We have downloaded the dataset from website and uploaded it to google colab runtime.

In [6]:
import json
import pathlib

file_path = 'pokemon.json'

with open(file_path, 'r') as file:
    poke_dict = json.load(file)


In [9]:
poke_dict[:4]

[{'name': 'Bulbasaur',
  'type': ['Grass', 'Poison'],
  'total': 318,
  'hp': 45,
  'attack': 49},
 {'name': 'Ivysaur',
  'type': ['Grass', 'Poison'],
  'total': 405,
  'hp': 60,
  'attack': 62},
 {'name': 'Venusaur',
  'type': ['Grass', 'Poison'],
  'total': 525,
  'hp': 80,
  'attack': 82},
 {'name': 'VenusaurMega Venusaur',
  'type': ['Grass', 'Poison'],
  'total': 625,
  'hp': 80,
  'attack': 100}]

Now we have loaded the dataset as a list of dictionaries and dataset is not following convinent format.
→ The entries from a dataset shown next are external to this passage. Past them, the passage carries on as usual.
Lemma split_agree (t t' : list nat) (N : nat) : Defs.increasing t -> Defs.increasing t' ->
  (forall a, In a t -> a < N) -> agree_below N t t' ->
  t' = t ++ skipn (length t) t' /\ forall a, In a (skipn (length t) t') -> N <= a.
Proof.
  revert t'. induction t as [|h t IH]; intros t' Ht Ht' HN Hag.
  - simpl. split; auto. intros a Ha. destruct (Nat.lt_ge_cases a N) as [Hlt|]; auto.
    apply Hag in Hlt. apply Hlt in Ha. inversion Ha.
  - apply incr_cons in Ht. destruct Ht as [Ht Hth].
    assert (HhN : h < N) by (apply HN; left; auto).
    assert (Hin : In h t') by (apply (Hag h HhN); left; auto).
    destruct t' as [|h' t'']; [inversion Hin|].
    apply incr_cons in Ht'. destruct Ht' as [Ht'' Hth'].
    assert (Hhh : h' = h).
    { destruct Hin as [|Hin]; auto. destruct (Nat.lt_ge_cases h' h).
      - assert (Hh' : In h' (h :: t)) by (apply (Hag h' ltac:(lia)); left; auto).
        destruct Hh' as [|Hh']; [lia|]. specialize (Hth h' Hh'). lia.
      - specialize (Hth' h Hin). lia. }
    subst h'.
    assert (Hag' : agree_below N t t'').
    { intros n Hn. split; intro Hnt.
      - assert (Hn' : In n (h :: t'')) by (apply (Hag n Hn); right; auto).
        destruct Hn' as [<-|]; auto. specialize (Hth h Hnt). lia.
      - assert (Hn' : In n (h :: t)) by (apply (Hag n Hn); right; auto).
        destruct Hn' as [<-|]; auto. specialize (Hth' h Hnt). lia. }
    destruct (IH t'' Ht Ht'' (fun a Ha => HN a (or_intror Ha)) Hag') as [E1 E2].
    simpl. split; [rewrite E1 at 1; reflexivity|exact E2].
Qed.

Lemma bounded_max (B : nat) (Q : nat -> nat -> Prop) :
  (forall h N N', N <= N' -> Q h N -> Q h N') ->
  (forall h, h < B -> exists N, Q h N) -> exists N, forall h, h < B -> Q h N.
Proof.
  intros Hmono H. induction B as [|B IH]; [exists 0; intros; lia|].
  destruct IH as [N1 HN1]; [intros; apply H; lia|]. destruct (H B ltac:(lia)) as [N2 HN2].
  exists (max N1 N2). intros h Hh. destruct (Nat.eq_dec h B) as [->|].
  - eapply Hmono; [|eauto]. lia.
  - eapply Hmono; [|apply HN1; lia]. lia.
Qed.

Lemma unif_lists (K B : nat) (Q : list nat -> nat -> Prop) :
  (forall t, length t <= K -> (forall a, In a t -> a < B) ->
     exists N, forall n, N <= n -> Q t n) ->
  exists N, forall t, length t <= K -> (forall a, In a t -> a < B) ->
    forall n, N <= n -> Q t n.
Proof.
  revert Q. induction K as [|K IH]; intros Q H.
  - destruct (H [] ltac:(simpl; lia) ltac:(intros a [])) as [N HN]. exists N.
    intros t Ht _ n Hn. destruct t; [auto|simpl in Ht; lia].
  - destruct (H [] ltac:(simpl; lia) ltac:(intros a [])) as [N0 HN0].
    destruct (bounded_max B (fun h N => forall t, length t <= K -> (forall a, In a t -> a < B) ->
        forall n, N <= n -> Q (h :: t) n)) as [N1 HN1].
    + intros h N N' HNN' HR t Ht Hb n Hn. apply HR; auto; lia.
    + intros h Hh. apply (IH (fun t n => Q (h :: t) n)). intros t Ht Hb.
      apply H; [simpl; lia|]. intros a [<-|Ha]; auto.
    + exists (max N0 N1). intros t Ht Hb n Hn. destruct t as [|h t].
      * apply HN0; lia.
      * apply HN1; [apply Hb; left; auto|simpl in Ht; lia|intros a Ha; apply Hb; right; auto|lia].
Qed.

Close Scope nat_scope.

Lemma agree_below_snoc N u l : (N <= l)%nat -> agree_below N u (u ++ [l]).
Proof.
  intros Hl q Hq. split; intro H; [apply in_or_app; auto|].
  apply in_app_or in H. destruct H as [|[<-|[]]]; auto. lia.
Qed.

(** * Choosing L and the blocks of coordinates *)

Lemma exists_inv_small (A d : R) : 0 < d -> exists I : nat, A * / (INR I + 1) < d.
Proof.
  intro Hd. destruct (INR_unbounded (A / d)) as [I HI]. exists I.
  pose proof (pos_INR I). apply Rmult_lt_reg_r with (INR I + 1); [lra|].
  rewrite Rmult_assoc, Rinv_l, Rmult_1_r by lra.
  apply Rmult_lt_compat_r with (r := d) in HI; auto.
  replace (A / d * d) with A in HI by (field; lra). nra.
Qed.

Lemma control_sequence (eps : nat -> R) (c : R) : (forall n, 0 < eps n) -> 0 < c ->
  exists tau : nat -> R, (forall i, 0 < tau i) /\
    (forall i n, (n <= i)%nat -> tau i <= eps n / c) /\ (forall i, tau i <= / (INR i + 1)).
Proof.
  intros Heps Hc.
  set (epsmin := fix f (i : nat) : R :=
         match i with O => eps 0%nat | S i => Rmin (f i) (eps (S i)) end).
  assert (Hpos : forall i, 0 < epsmin i) by (induction i; simpl; [|apply Rmin_glb_lt]; auto).
  assert (Hle : forall i n, (n <= i)%nat -> epsmin i <= eps n).
  { induction i; intros n Hn.
    - replace n with 0%nat by lia. simpl. lra.
    - destruct (Nat.eq_dec n (S i)) as [->|]; simpl; [apply Rmin_r|].
      eapply Rle_trans; [apply Rmin_l|apply IHi; lia]. }
  exists (fun i => Rmin (epsmin i / c) (/ (INR i + 1))).
  assert (Hinv : forall i, 0 < / (INR i + 1))
    by (intro i; apply Rinv_0_lt_compat; pose proof (pos_INR i); lra).
  split; [|split].
  - intro i. apply Rmin_glb_lt; auto. apply Rdiv_lt_0_compat; auto.
  - intros i n Hn. eapply Rle_trans; [apply Rmin_l|].
    apply Rmult_le_compat_r; [left; apply Rinv_0_lt_compat; auto|auto].
  - intro i. apply Rmin_r.
Qed.

Section Construction.
Context {X : Banach} {e : nat -> X} (He : schauder_basis e).
Variables (k : nat) (M : nat -> nat) (phi : list nat -> X).
Hypothesis HM : infinite_enum M.
Hypothesis Hcont : weak_continuous_on M k phi.

Definition increment (t : list nat) : X :=
  match t with [] => phi [] | _ => vsub (phi t) (phi (removelast t)) end.

Lemma telescope (t : list nat) :
  vsum (map (fun j => increment (firstn j t)) (seq 0 (S (length t)))) = phi t.
Proof.
  induction t as [|a t IH] using rev_ind; [simpl; apply vadd_0r|].
  rewrite length_app. simpl (length [a]).
  replace (S (length t + 1)) with (S (S (length t))) by lia.
  rewrite vsum_seq_S.
  rewrite (vsum_map_ext _ (fun j => increment (firstn j t))).
  - rewrite IH. simpl (0 + S (length t))%nat.
    rewrite firstn_all2 by (rewrite length_app; simpl; lia).
    unfold increment. destruct (t ++ [a]) eqn:E; [destruct t; discriminate|].
    rewrite <- E, removelast_last. apply vadd_sub.
  - intros j Hj. apply in_seq in Hj. rewrite firstn_app.
    replace (j - length t)%nat with 0%nat by lia. simpl. rewrite app_nil_r. reflexivity.
Qed.

(* By weak continuity of phi at the finitely many u with entries < b, the
   first m coordinates of phi (u ++ [l]) - phi u are small for large l. *)
Lemma low_coefs_small delta b m : 0 < delta -> exists N, forall u l,
  (length u <= k)%nat -> (forall a, In a u -> (a < b)%nat) -> (N <= l)%nat ->
  in_subsets_le M k (u ++ [l]) -> vnorm (P He m (vsub (phi (u ++ [l])) (phi u))) < delta.
Proof.
  intro Hdelta. destruct (P_small_coefs He m delta Hdelta) as [d [Hd Hsmall]].
  destruct (unif_lists k b (fun u n => in_subsets_le M k u -> forall l, (n <= l)%nat ->
      in_subsets_le M k (u ++ [l]) -> vnorm (P He m (vsub (phi (u ++ [l])) (phi u))) < delta))
    as [N HN].
  { intros u _ _. destruct (classic (in_subsets_le M k u)) as [Hu|Hu];
      [|exists 0%nat; intros; contradiction].
    destruct (Hcont u Hu _ (weak_open_coefs He m (phi u) d)) as [N HN].
    { intros j _. unfold Rminus. rewrite Rplus_opp_r, Rabs_R0. auto. }
    exists N. intros n Hn _ l Hl Hul. apply Hsmall. intros j Hj. rewrite coef_sub.
    apply HN; auto. apply agree_below_snoc. lia. }
  exists N. intros u l Hu Hb Hl Hul.
  apply (HN u Hu Hb N (le_n N)); auto. apply subsets_le_removelast_app with l; auto.
Qed.

Lemma high_coefs_small delta B : 0 < delta -> exists N, forall n t, (N <= n)%nat ->
  (length t <= k)%nat -> (forall a, In a t -> (a < B)%nat) ->
  vnorm (vsub (increment t) (P He n (increment t))) < delta.
Proof.
  intro Hdelta.
  destruct (unif_lists k B (fun t n => vnorm (vsub (increment t) (P He n (increment t))) < delta))
    as [N HN].
  { intros t _ _. destruct (P_cv He (increment t) delta Hdelta) as [N HN].
    exists N. intros n Hn. rewrite vnorm_sub_sym. auto. }
  exists N. intros n t Hn Ht Hb. apply HN; auto.
Qed.

Definition good_stage (delta : R) (l0 q0 l q : nat) : Prop :=
  (l0 < l)%nat /\ memb M l /\ (q0 <= q)%nat /\
  (forall u, (length u <= k)%nat -> (forall a, In a u -> (a <= l0)%nat) ->
     in_subsets_le M k (u ++ [l]) -> vnorm (P He q0 (vsub (phi (u ++ [l])) (phi u))) < delta) /\
  (forall t, (length t <= k)%nat -> (forall a, In a t -> (a <= l)%nat) ->
     vnorm (vsub (increment t) (P He q (increment t))) < delta).

Lemma block_stage delta l0 q0 : 0 < delta -> exists l q, good_stage delta l0 q0 l q.
Proof.
  intro Hdelta.
  destruct (low_coefs_small delta (S l0) q0 Hdelta) as [N1 HN1].
  set (l := M (max N1 (S l0))). pose proof (enum_ge M HM (max N1 (S l0))) as Hl.
  fold l in Hl. destruct (high_coefs_small delta (S l) Hdelta) as [N2 HN2].
  exists l, (max q0 N2). split; [|split; [|split; [|split]]].
  - lia.
  - exists (max N1 (S l0)). reflexivity.
  - lia.
  - intros u Hu Hb Hul. apply HN1; auto; [intros a Ha; specialize (Hb a Ha)|]; lia.
  - intros t Ht Hb. apply HN2; auto; [lia|intros a Ha; specialize (Hb a Ha); lia].
Qed.

Definition blocks_adapted (tau : nat -> R) (L p : nat -> nat) : Prop :=
  forall t i, in_subsets_le L k t -> t <> [] -> last t 0%nat = L i ->
    vnorm (P He (p i) (increment t)) < tau i / 2 /\
    vnorm (vsub (increment t) (P He (p (S i)) (increment t))) < tau i / 2.

Lemma good_stage_adapted delta l0 q0 l q (L : nat -> nat) :
  (forall a, memb L a -> memb M a) -> good_stage delta l0 q0 l q ->
  (forall a, memb L a -> (a < l)%nat -> (a <= l0)%nat) ->
  forall t, in_subsets_le L k t -> t <> [] -> last t 0%nat = l ->
    vnorm (P He q0 (increment t)) < delta /\
    vnorm (vsub (increment t) (P He q (increment t))) < delta.
Proof.
  intros HLM [_ [_ [_ [Hlow Hhigh]]]] Hbelow t Ht Hne Hlast.
  pose proof Ht as [Hlen [Hinc Hmem]].
  assert (Et : t = removelast t ++ [l]) by (rewrite <- Hlast; apply app_removelast_last, Hne).
  split.
  - replace (increment t) with (vsub (phi (removelast t ++ [l])) (phi (removelast t))).
    + apply Hlow.
      * rewrite Et, length_app in Hlen. simpl in Hlen. lia.
      * intros a Ha. rewrite Et in Hinc, Hmem. apply Hbelow.
        -- apply Hmem, in_or_app. auto.
        -- exact (incr_app_last _ _ Hinc a Ha).
      * rewrite <- Et. apply (subsets_le_mono L); auto.
    + rewrite <- Et. unfold increment. destruct t; [congruence|reflexivity].
  - apply Hhigh; [exact Hlen|]. intros a Ha. rewrite <- Hlast. apply incr_le_last; auto.
Qed.

Lemma block_construction (tau : nat -> R) : (forall i, 0 < tau i) ->
  exists L p : nat -> nat, infinite_enum L /\ (forall n, memb M (L n)) /\
    (forall i, (p i <= p (S i))%nat) /\ blocks_adapted tau L p.
Proof.
  intro Htau.
  destruct (seq_choice (fun i (lq lq' : nat * nat) =>
      good_stage (tau i / 2) (fst lq) (snd lq) (fst lq') (snd lq')) (0%nat, 0%nat))
    as [f [Hf0 Hf]].
  { intros i [l0 q0]. destruct (block_stage (tau i / 2) l0 q0) as [l [q H]].
    - pose proof (Htau i). lra.
    - exists (l, q). exact H. }
  set (L := fun i => fst (f (S i))). set (p := fun i => snd (f i)).
  assert (HL : infinite_enum L) by (intro i; apply (Hf (S i))).
  assert (HLM : forall n, memb M (L n)) by (intro n; apply (Hf n)).
  exists L, p. split; [exact HL|]. split; [exact HLM|]. split; [intro i; apply (Hf i)|].
  intros t i. apply (good_stage_adapted _ (fst (f i))); [intros a [n <-]; apply HLM|apply Hf|].
  intros a Ha Hai. destruct (enum_below L HL a i Ha Hai) as [i' [-> Hai']]. exact Hai'.
Qed.

(** * The canonical tree decomposition *)

Section Decomposition.
Variables (tau : nat -> R) (L p : nat -> nat).
Hypothesis HL : infinite_enum L.
Hypothesis HLM : forall n, memb M (L n).
Hypothesis Hp : forall i, (p i <= p (S i))%nat.
Hypothesis Hadapted : blocks_adapted tau L p.

Lemma L_in_M a : memb L a -> memb M a.
Proof. intros [n <-]. apply HLM. Qed.

Lemma p_mono i j : (i <= j)%nat -> (p i <= p j)%nat.
Proof. induction 1; [lia|]. specialize (Hp m). lia. Qed.

Definition blk (t : list nat) : nat := position L (last t 0%nat).

Definition ytree (t : list nat) : X :=
  match t with
  | [] => phi []
  | _ => vsub (P He (p (S (blk t))) (increment t)) (P He (p (blk t)) (increment t))
  end.

Definition err (t : list nat) : X := vsub (increment t) (ytree t).

Definition err_sum (t : list nat) : X :=
  vsum (map (fun j => err (firstn j t)) (seq 0 (S (length t)))).

Definition xtilde (t : list nat) : X :=
  vsum (map (fun j => ytree (restr t j)) (seq 0 (S (length t)))).

Lemma xtilde_eq t : xtilde t = vsub (phi t) (err_sum t).
Proof.
  unfold xtilde, err_sum, restr. rewrite <- (telescope t) at 1. rewrite <- vsum_map_sub.
  apply vsum_map_ext. intros j _. unfold err. symmetry. apply vsub_sub_self.
Qed.

Lemma xtilde_nil : xtilde [] = phi [].
Proof. unfold xtilde. simpl. apply vadd_0r. Qed.

Lemma ytree_supp t n : t <> [] -> in_supp e (ytree t) n -> (p (blk t) <= n < p (S (blk t)))%nat.
Proof.
  intros Ht Hn. destruct t as [|a t]; [congruence|].
  apply (Pdiff_supp He (increment (a :: t))); auto.
Qed.

Lemma ytree_supp_lt t1 t2 : t1 <> [] -> t2 <> [] -> memb L (last t1 0%nat) -> memb L (last t2 0%nat) ->
  (last t1 0 < last t2 0)%nat -> supp_lt e (ytree t1) (ytree t2).
Proof.
  intros H1 H2 H3 H4 H5 m n Hm Hn. apply ytree_supp in Hm; auto. apply ytree_supp in Hn; auto.
  rewrite <- (position_spec L _ H3), <- (position_spec L _ H4) in H5.
  apply (enum_lt_inv L HL) in H5. pose proof (p_mono _ _ H5). unfold blk in *. lia.
Qed.

Lemma err_bound t : in_subsets_le L k t -> t <> [] -> vnorm (err t) < tau (blk t).
Proof.
  intros Ht Hne. pose proof Ht as [_ [_ Hmem]].
  destruct (Hadapted t (blk t) Ht Hne) as [H1 H2].
  { unfold blk. rewrite position_spec; auto. apply Hmem, last_in, Hne. }
  replace (err t) with (vadd (vsub (increment t) (P He (p (S (blk t))) (increment t)))
                              (P He (p (blk t)) (increment t))).
  - eapply Rle_lt_trans; [apply vnorm_triangle|lra].
  - unfold err, ytree. destruct t; [congruence|]. unfold vsub.
    rewrite vopp_add, vopp_opp, vadd_assoc. reflexivity.
Qed.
It is having lot of attributes like name, type, total stats, hp, attack etc

We cannot efficeintly use pandas module to work with this type of data, so let us use a new complex topic "Method Chains". This topic is a mix of Fuctional Programming and Object Oriented Programming. It is very effective to perform operations on these type of datasets.

In [10]:
class Clumper:
    def __init__(self, blob):
        self.blob = blob

    def keep(self, func):
        return [d for d in self.blob if func(d)]

In [11]:
Clumper(poke_dict).keep(lambda d: 'Dragon' in d['type'])

[{'name': 'CharizardMega Charizard X',
  'type': ['Fire', 'Dragon'],
  'total': 634,
  'hp': 78,
  'attack': 130},
 {'name': 'Dratini', 'type': ['Dragon'], 'total': 300, 'hp': 41, 'attack': 64},
 {'name': 'Dragonair',
  'type': ['Dragon'],
  'total': 420,
  'hp': 61,
  'attack': 84},
 {'name': 'Dragonite',
  'type': ['Dragon', 'Flying'],
  'total': 600,
  'hp': 91,
  'attack': 134},
 {'name': 'AmpharosMega Ampharos',
  'type': ['Electric', 'Dragon'],
  'total': 610,
  'hp': 90,
  'attack': 95},
 {'name': 'Kingdra',
  'type': ['Water', 'Dragon'],
  'total': 540,
  'hp': 75,
  'attack': 95},
 {'name': 'SceptileMega Sceptile',
  'type': ['Grass', 'Dragon'],
  'total': 630,
  'hp': 70,
  'attack': 110},
 {'name': 'Vibrava',
  'type': ['Ground', 'Dragon'],
  'total': 340,
  'hp': 50,
  'attack': 70},
 {'name': 'Flygon',
  'type': ['Ground', 'Dragon'],
  'total': 520,
  'hp': 80,
  'attack': 100},
 {'name': 'Altaria',
  'type': ['Dragon', 'Flying'],
  'total': 490,
  'hp': 75,
  'attack': 70

This Clumper class is very flexible and helps us to analyze and filter the data according to our desire or requirements. It will take the dataset as input and returns the appropriate list we desire as output.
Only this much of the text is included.